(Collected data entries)
(* Let $Q$ be a Moufang loop, $(c,f)$ a left pseudoautomorphism of $Q$, and $x\in Q$. Then $\big(x^{-1}f^{-1}(c^{-1}f(x)c),\ \mu_{f,x}\big)$ is a left pseudoautomorphism of $Q$, where $\mu_{f,x}=R_x^{-1}f^{-1}R_{f(x)}f$.
   Context: A loop is Moufang if it satisfies $xy\cdot zx=(x\cdot yz)x$ for all $x,y,z$. $L_x(y)=xy$, $R_x(y)=yx$. A pair $(c,f)$ with $c\in Q$ and $f$ a permutation of $Q$ is a (left) pseudoautomorphism of $Q$ if $cf(x)\cdot f(y)=cf(xy)$ for all $x,y\in Q$; $c$ is called a companion of $f$. *)

From mathcomp Require Import ssreflect ssrfun ssrbool.
Set Implicit Arguments. Unset Strict Implicit.

(* A loop (Q, *, \, /, 1): the divisions make L_x and R_x bijections. *)
Record loop := Loop {
  lcar :> Type;
  lmul : lcar -> lcar -> lcar;
  lldiv : lcar -> lcar -> lcar;
  lrdiv : lcar -> lcar -> lcar;
  lone : lcar;
  _ : forall x y, lmul x (lldiv x y) = y;
  _ : forall x y, lldiv x (lmul x y) = y;
  _ : forall x y, lmul (lrdiv y x) x = y;
  _ : forall x y, lrdiv (lmul y x) x = y;
  _ : forall x, lmul lone x = x;
  _ : forall x, lmul x lone = x
}.

Section Defs.
Variable Q : loop.
Local Notation "x * y" := (lmul x y).

Definition Lmap (x : Q) : Q -> Q := fun y => x * y.
Definition Rmap (x : Q) : Q -> Q := fun y => y * x.
Definition Rinv (x : Q) : Q -> Q := fun y => lrdiv y x.

(* inverse: x^{-1} with x * x^{-1} = 1 (two-sided in Moufang loops) *)
Definition linv (x : Q) : Q := lldiv x (lone Q).

Definition moufang : Prop :=
  forall x y z : Q, (x * y) * (z * x) = (x * (y * z)) * x.

Definition left_pseudoaut (c : Q) (f : Q -> Q) : Prop :=
  bijective f /\ forall x y : Q, (c * f x) * f y = c * f (x * y).

Definition mu (f finv : Q -> Q) (x : Q) : Q -> Q :=
  Rinv x \o finv \o Rmap (f x) \o f.
End Defs.

(* The map [alpha a := x \ f^-1 (c \ (f x * (c * f a)))] satisfies
   [alpha a * mu b = alpha (a * b)]: conjugating both sides by [x] with the
   Moufang law reduces this to the Moufang law in the image of [f], via the
   pseudoautomorphism identity.  Taking [a = 1] gives [alpha b = alpha 1 * mu b],
   and [alpha 1] is the announced companion by the left inverse property. *)
From mathcomp Require Import ssreflect ssrfun ssrbool.

Set Implicit Arguments.

Section LoopLaws.
Variable Q : loop.
Local Notation "x * y" := (lmul x y).
Implicit Types x y z : Q.

Lemma lmul_lldiv x y : x * lldiv x y = y. Proof. by case: Q x y. Qed.
Lemma lldiv_lmul x y : lldiv x (x * y) = y. Proof. by case: Q x y. Qed.
Lemma lmul_lrdiv x y : lrdiv y x * x = y. Proof. by case: Q x y. Qed.
Lemma lrdiv_lmul x y : lrdiv (y * x) x = y. Proof. by case: Q x y. Qed.
Lemma lmul1 x : lone Q * x = x. Proof. by case: Q x. Qed.
Lemma lmulr1 x : x * lone Q = x. Proof. by case: Q x. Qed.

Lemma lmulI x : injective (lmul x).
Proof. by move=> y z yz; rewrite -(lldiv_lmul x y) yz lldiv_lmul. Qed.

Lemma lmulIr x : injective (fun y => y * x).
Proof. by move=> y z yz; rewrite -(lrdiv_lmul x y) /= yz lrdiv_lmul. Qed.

End LoopLaws.

Arguments lmulI {Q} x [x1 x2].
Arguments lmulIr {Q} x [x1 x2].

Section MoufangLaws.
Variable Q : loop.
Hypothesis moufQ : moufang Q.
Local Notation "x * y" := (lmul x y).
Implicit Types x y : Q.

Lemma moufang_flexible x y : x * (y * x) = (x * y) * x.
Proof. by have := moufQ x (lone Q) y; rewrite lmulr1 lmul1. Qed.

Lemma moufang_lldiv x y : lldiv x y = linv x * y.
Proof.
apply: (lmulI x); rewrite lmul_lldiv; apply: (lmulIr x) => /=.
by rewrite -moufQ /linv lmul_lldiv lmul1.
Qed.

End MoufangLaws.

Section PseudoautomorphismMu.
Variables (Q : loop) (c : Q) (f finv : Q -> Q) (x : Q).
Hypothesis moufQ : moufang Q.
Hypotheses (fK : cancel f finv) (finvK : cancel finv f).
Hypothesis f_pseudo : forall a b : Q, lmul (lmul c (f a)) (f b) = lmul c (f (lmul a b)).
Local Notation "a * b" := (lmul a b).
Local Notation mu := (mu f finv x).
Implicit Types a b z : Q.

Lemma pseudoaut1 : f (lone Q) = lone Q.
Proof.
apply: (lmulI c); rewrite lmulr1.
have := f_pseudo (lone Q) (finv (lone Q)).
by rewrite finvK lmulr1 lmul1 finvK lmulr1.
Qed.

Lemma mul_mu_r b : mu b * x = finv (f b * f x).
Proof. exact: lmul_lrdiv. Qed.

Lemma finv_ldiv_mulr z : finv (lldiv c z) * x = finv (lldiv c (z * f x)).
Proof.
apply: (can_inj fK); apply: (lmulI c).
by rewrite -f_pseudo !finvK !lmul_lldiv.
Qed.

Definition alpha a := lldiv x (finv (lldiv c (f x * (c * f a)))).

Lemma alpha_mul_mu a b : alpha a * mu b = alpha (a * b).
Proof.
apply: (lmulI x); apply: (lmulIr x) => /=.
rewrite -moufQ lmul_lldiv mul_mu_r lmul_lldiv finv_ldiv_mulr.
apply: (can_inj fK); apply: (lmulI c).
by rewrite -f_pseudo !finvK !lmul_lldiv moufQ f_pseudo.
Qed.

Lemma alpha1 : alpha (lone Q) = linv x * finv ((linv c * f x) * c).
Proof.
rewrite /alpha pseudoaut1 lmulr1 (moufang_lldiv moufQ); congr (_ * finv _).
apply: (lmulI c); rewrite lmul_lldiv moufang_flexible //.
by rewrite -(moufang_lldiv moufQ) lmul_lldiv.
Qed.

Lemma alpha_mu b : alpha b = alpha (lone Q) * mu b.
Proof. by rewrite alpha_mul_mu lmul1. Qed.

Lemma mu_bij : bijective mu.
Proof.
exists (fun a => finv (lrdiv (f (a * x)) (f x))) => a;
  rewrite /mu /Rinv /Rmap /=.
  by rewrite lmul_lrdiv finvK lrdiv_lmul fK.
by rewrite finvK lmul_lrdiv fK lrdiv_lmul.
Qed.

End PseudoautomorphismMu.

Theorem mainTheorem11 (Q : loop) (c : Q) (f finv : Q -> Q) (x : Q) :
  moufang Q ->
  cancel f finv -> cancel finv f ->
  left_pseudoaut c f ->
  left_pseudoaut
    (lmul (linv x) (finv (lmul (lmul (linv c) (f x)) c)))
    (mu f finv x).
Proof.
move=> moufQ fK finvK [_ f_pseudo]; split; first exact: mu_bij.
move=> a b; rewrite -(alpha1 c x moufQ finvK f_pseudo).
rewrite -!(alpha_mu c x moufQ fK finvK f_pseudo).
exact: alpha_mul_mu.
Qed.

PROBLEM REQUIREMENTS
Word for word, transcribe all of the records.

OUTPUT FOR THIS EXERCISE
(* Let $Q$ be a Moufang loop, $(c,f)$ a left pseudoautomorphism of $Q$, and $x\in Q$. Then $\big(x^{-1}f^{-1}(c^{-1}f(x)c),\ \mu_{f,x}\big)$ is a left pseudoautomorphism of $Q$, where $\mu_{f,x}=R_x^{-1}f^{-1}R_{f(x)}f$.
   Context: A loop is Moufang if it satisfies $xy\cdot zx=(x\cdot yz)x$ for all $x,y,z$. $L_x(y)=xy$, $R_x(y)=yx$. A pair $(c,f)$ with $c\in Q$ and $f$ a permutation of $Q$ is a (left) pseudoautomorphism of $Q$ if $cf(x)\cdot f(y)=cf(xy)$ for all $x,y\in Q$; $c$ is called a companion of $f$. *)

From mathcomp Require Import ssreflect ssrfun ssrbool.
Set Implicit Arguments. Unset Strict Implicit.

(* A loop (Q, *, \, /, 1): the divisions make L_x and R_x bijections. *)
Record loop := Loop {
  lcar :> Type;
  lmul : lcar -> lcar -> lcar;
  lldiv : lcar -> lcar -> lcar;
  lrdiv : lcar -> lcar -> lcar;
  lone : lcar;
  _ : forall x y, lmul x (lldiv x y) = y;
  _ : forall x y, lldiv x (lmul x y) = y;
  _ : forall x y, lmul (lrdiv y x) x = y;
  _ : forall x y, lrdiv (lmul y x) x = y;
  _ : forall x, lmul lone x = x;
  _ : forall x, lmul x lone = x
}.

Section Defs.
Variable Q : loop.
Local Notation "x * y" := (lmul x y).

Definition Lmap (x : Q) : Q -> Q := fun y => x * y.
Definition Rmap (x : Q) : Q -> Q := fun y => y * x.
Definition Rinv (x : Q) : Q -> Q := fun y => lrdiv y x.

(* inverse: x^{-1} with x * x^{-1} = 1 (two-sided in Moufang loops) *)
Definition linv (x : Q) : Q := lldiv x (lone Q).

Definition moufang : Prop :=
  forall x y z : Q, (x * y) * (z * x) = (x * (y * z)) * x.

Definition left_pseudoaut (c : Q) (f : Q -> Q) : Prop :=
  bijective f /\ forall x y : Q, (c * f x) * f y = c * f (x * y).

Definition mu (f finv : Q -> Q) (x : Q) : Q -> Q :=
  Rinv x \o finv \o Rmap (f x) \o f.
End Defs.

(* The map [alpha a := x \ f^-1 (c \ (f x * (c * f a)))] satisfies
   [alpha a * mu b = alpha (a * b)]: conjugating both sides by [x] with the
   Moufang law reduces this to the Moufang law in the image of [f], via the
   pseudoautomorphism identity.  Taking [a = 1] gives [alpha b = alpha 1 * mu b],
   and [alpha 1] is the announced companion by the left inverse property. *)
From mathcomp Require Import ssreflect ssrfun ssrbool.

Set Implicit Arguments.

Section LoopLaws.
Variable Q : loop.
Local Notation "x * y" := (lmul x y).
Implicit Types x y z : Q.

Lemma lmul_lldiv x y : x * lldiv x y = y. Proof. by case: Q x y. Qed.
Lemma lldiv_lmul x y : lldiv x (x * y) = y. Proof. by case: Q x y. Qed.
Lemma lmul_lrdiv x y : lrdiv y x * x = y. Proof. by case: Q x y. Qed.
Lemma lrdiv_lmul x y : lrdiv (y * x) x = y. Proof. by case: Q x y. Qed.
Lemma lmul1 x : lone Q * x = x. Proof. by case: Q x. Qed.
Lemma lmulr1 x : x * lone Q = x. Proof. by case: Q x. Qed.

Lemma lmulI x : injective (lmul x).
Proof. by move=> y z yz; rewrite -(lldiv_lmul x y) yz lldiv_lmul. Qed.

Lemma lmulIr x : injective (fun y => y * x).
Proof. by move=> y z yz; rewrite -(lrdiv_lmul x y) /= yz lrdiv_lmul. Qed.

End LoopLaws.

Arguments lmulI {Q} x [x1 x2].
Arguments lmulIr {Q} x [x1 x2].

Section MoufangLaws.
Variable Q : loop.
Hypothesis moufQ : moufang Q.
Local Notation "x * y" := (lmul x y).
Implicit Types x y : Q.

Lemma moufang_flexible x y : x * (y * x) = (x * y) * x.
Proof. by have := moufQ x (lone Q) y; rewrite lmulr1 lmul1. Qed.

Lemma moufang_lldiv x y : lldiv x y = linv x * y.
Proof.
apply: (lmulI x); rewrite lmul_lldiv; apply: (lmulIr x) => /=.
by rewrite -moufQ /linv lmul_lldiv lmul1.
Qed.

End MoufangLaws.

Section PseudoautomorphismMu.
Variables (Q : loop) (c : Q) (f finv : Q -> Q) (x : Q).
Hypothesis moufQ : moufang Q.
Hypotheses (fK : cancel f finv) (finvK : cancel finv f).
Hypothesis f_pseudo : forall a b : Q, lmul (lmul c (f a)) (f b) = lmul c (f (lmul a b)).
Local Notation "a * b" := (lmul a b).
Local Notation mu := (mu f finv x).
Implicit Types a b z : Q.

Lemma pseudoaut1 : f (lone Q) = lone Q.
Proof.
apply: (lmulI c); rewrite lmulr1.
have := f_pseudo (lone Q) (finv (lone Q)).
by rewrite finvK lmulr1 lmul1 finvK lmulr1.
Qed.

Lemma mul_mu_r b : mu b * x = finv (f b * f x).
Proof. exact: lmul_lrdiv. Qed.

Lemma finv_ldiv_mulr z : finv (lldiv c z) * x = finv (lldiv c (z * f x)).
Proof.
apply: (can_inj fK); apply: (lmulI c).
by rewrite -f_pseudo !finvK !lmul_lldiv.
Qed.

Definition alpha a := lldiv x (finv (lldiv c (f x * (c * f a)))).

Lemma alpha_mul_mu a b : alpha a * mu b = alpha (a * b).
Proof.
apply: (lmulI x); apply: (lmulIr x) => /=.
rewrite -moufQ lmul_lldiv mul_mu_r lmul_lldiv finv_ldiv_mulr.
apply: (can_inj fK); apply: (lmulI c).
by rewrite -f_pseudo !finvK !lmul_lldiv moufQ f_pseudo.
Qed.

Lemma alpha1 : alpha (lone Q) = linv x * finv ((linv c * f x) * c).
Proof.
rewrite /alpha pseudoaut1 lmulr1 (moufang_lldiv moufQ); congr (_ * finv _).
apply: (lmulI c); rewrite lmul_lldiv moufang_flexible //.
by rewrite -(moufang_lldiv moufQ) lmul_lldiv.
Qed.

Lemma alpha_mu b : alpha b = alpha (lone Q) * mu b.
Proof. by rewrite alpha_mul_mu lmul1. Qed.

Lemma mu_bij : bijective mu.
Proof.
exists (fun a => finv (lrdiv (f (a * x)) (f x))) => a;
  rewrite /mu /Rinv /Rmap /=.
  by rewrite lmul_lrdiv finvK lrdiv_lmul fK.
by rewrite finvK lmul_lrdiv fK lrdiv_lmul.
Qed.

End PseudoautomorphismMu.

Theorem mainTheorem11 (Q : loop) (c : Q) (f finv : Q -> Q) (x : Q) :
  moufang Q ->
  cancel f finv -> cancel finv f ->
  left_pseudoaut c f ->
  left_pseudoaut
    (lmul (linv x) (finv (lmul (lmul (linv c) (f x)) c)))
    (mu f finv x).
Proof.
move=> moufQ fK finvK [_ f_pseudo]; split; first exact: mu_bij.
move=> a b; rewrite -(alpha1 c x moufQ finvK f_pseudo).
rewrite -!(alpha_mu c x moufQ fK finvK f_pseudo).
exact: alpha_mul_mu.
Qed.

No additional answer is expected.